Interestingly, vigorously stirring the starter once it’s past peak will often cause it to peak again. The reason for this is two fold. First, the stirring unlocks more food for the yeast, sugars that they just couldn’t get to before. Second, adding oxygen actually flips the yeast from fermentation into another cycle called the Krebs cycle. Here they multiply exponentially so the yeast population will grow considerably in a matter of minutes.
At some point, the starter will exhaust available food and the gluten will completely break down. At this point stirring it is a bit like stirring really wet sand. The smell and taste will be sharp and unpleasant. This is hungry starter. Leave it longer and you’ll see a thin layer of liquid form on top of it after all the food has been consumed. This is called ‘hooch’ and is made up of alcohol, water and other fermentation byproducts. This starter is now very stressed. It’s neglected and starving. The yeast will be literally physically deformed from the stress if left like this too long. At this point starter often smells like acetone (nail polish remover).

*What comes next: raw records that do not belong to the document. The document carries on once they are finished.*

Lemma subsequence_mkseq (x : nat -> P) (phi : nat -> nat) :
  (forall i, (phi i < phi i.+1)%N) ->
  forall i, subsequence (mkseq (x \o phi) i) (mkseq x (phi i)).
Proof.
move=> phiS; elim=> [|i IH]; first exact: subsequence0s.
suff step k : (phi i < k)%N -> subsequence (mkseq (x \o phi) i.+1) (mkseq x k).
  exact: step.
elim: k => [//|k IHk]; rewrite ltnS leq_eqVlt => /orP[/eqP <-|hk].
  by rewrite !mkseqS; exact: subsequence_take.
by rewrite [mkseq x k.+1]mkseqS; apply/subsequence_skip/IHk.
Qed.

End Subsequences.

Section OneSubsequences.
Variables (P : Type) (M : set (set P)).
Hypothesis M_directed : forall E1 E2, M E1 -> M E2 -> exists2 E, M E & E `<=` E1 `&` E2.

Lemma refine_along_subsequences (F : seq P -> set P) : (forall t, M (F t)) ->
  forall h, exists2 E, M E & forall t, subsequence t h -> E `<=` F t.
Proof.
move=> MF h; elim/last_ind: h F MF => [|h a IH] F MF.
  by exists (F [::]) => // t /subsequence_nilE ->.
have [E1 ME1 E1F] := IH F MF.
have [E2 ME2 E2F] := IH (fun t => F (rcons t a)) (fun t => MF _).
have [E ME EE12] := M_directed ME1 ME2.
exists E => // t st p Ep; have [Ep1 Ep2] := EE12 p Ep.
have [ht|[t' -> ht]] := subsequence_rconsE st.
  exact: E1F ht p Ep1.
exact: E2F ht p Ep2.
Qed.

(* One plays a move refining what her old strategy prescribes along every
   subsequence of the picks so far (for a predetermined strategy: all earlier
   moves), so the subsequence given by [extract] is a play lost by Two. *)
Lemma I_wins_of_subsequences (W W' : (nat -> P) -> Prop) :
  (forall x, (forall n, exists2 E, M E & E (x n)) -> W' x ->
     exists phi : nat -> nat, (forall i, (phi i < phi i.+1)%N) /\ W (x \o phi)) ->
  (I_wins (Game M W) -> I_wins (Game M W')) /\
  (I_wins_pre (Game M W) -> I_wins_pre (Game M W')).
Proof.
move=> extract; split.
- move=> [sg [hs ws]] /=.
  have /choice[sg' sg'P] (h : seq P) :
      exists E, M E /\ forall t, subsequence t h -> E `<=` sg t.
    by have [E ? ?] := refine_along_subsequences hs h; exists E.
  exists sg'; split; first by move=> s; case: (sg'P s).
  move=> x hx /(extract x (fun n => ex_intro2 _ _ _ (sg'P _).1 (hx n))).
  move=> [phi [phiS hW]]; apply: (ws _ _ hW) => i.
  by case: (sg'P (mkseq x (phi i))) => _ /(_ _ (subsequence_mkseq x phiS i)); apply.
- move=> [e [he we]] /=.
  have /choice[e' e'P] (n : nat) : exists E, M E /\ forall k, (k <= n)%N -> E `<=` e k.
    elim: n => [|n [E [ME Ee]]].
      by exists (e 0%N); split=> [|k]; [exact: he | rewrite leqn0 => /eqP ->].
    have [E' ME' E'E] := M_directed ME (he n.+1).
    exists E'; split=> // k; rewrite leq_eqVlt => /orP[/eqP ->|hk] p /E'E[].
      by [].
    by move=> Ep _; exact: Ee k hk p Ep.
  exists e'; split; first by move=> n; case: (e'P n).
  move=> x hx /(extract x (fun n => ex_intro2 _ _ _ (e'P n).1 (hx n))).
  move=> [phi [phiS hW]]; apply: (we _ _ hW) => i.
  have phi_ge : (i <= phi i)%N.
    by elim: i {hW} => [//|i IH]; apply: leq_ltn_trans IH (phiS i).
  by case: (e'P (phi i)) => _ /(_ i phi_ge); apply.
Qed.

Do not confuse resilience with happiness
The hooch will eventually turn grey, then black. It’s all fine, it’s just what happens to a starving starter with acid load, but they are incredibly resilient. In fact, the hooch protects the culture from contamination at this point. This is ‘survival mode’ so don’t confuse resilience with happiness. Letting it go this long between feedings weakens the starter over time, and at some point it’s going to be sluggish and will require more rehab time to get it going again. It may seem to just stop growing all of a sudden, but, in truth, these conditions will have been building over time.
You want the starter to smell fruity, yeasty, with an aroma closer to beer or white wine. It should taste mildly acidic, like yoghurt or buttermilk. This is a balanced culture. So based on all the memories you will be developing, learn to keep it in this state more than not. What seems strange and difficult to grasp at first will eventually become second nature if you put in the work and allow it to. These are the kinds of cues that will tell you the most about your starter health and current condition.
You’ll begin to learn that if you give it more food at a time (higher feed ratio) then it will take it longer to ripen, and will stay at peak for a longer period, but also tend to develop more overall acidity, but that lower ratios and feeding more often tend to actually keep it more balanced. If it’s been neglected then give it a few days of TLC with frequent refreshes at lower ratios. This will replace the yeast with new growth and new activity, and knock back the built-up acidity. If it hasn’t totally degraded and doesn’t have hooch yet, then 1-2 feeds might be enough to wake it up and get it happy again.
Listen to your starter, rather than any expert
Basically what I’m saying is listen to your starter, rather than any of us. It will guide you if you let it. There are no shortcuts here. If you truly want to learn to make exceptional bread this way then it will likely take you years. It took me two years before I was consistently baking what I would consider to be objectively good bread. And I didn’t start making great bread until I had baked probably 1000 loaves.
That’s not to say there won’t be some wonderful successes along the way. The stars occasionally align, and you’ll marvel at what you pull out of the oven. A few loaves later might also be a total fail. Learning any new skill is rarely linear, and that especially applies here. Simple, but not easy. Embrace both the joy of success and the disappointment of failure. You’ll see more of the latter in the early days. But if you keep listening to it, eventually it will come without any real conscious thought on your part. It will just innately be what you do to make beautiful bread.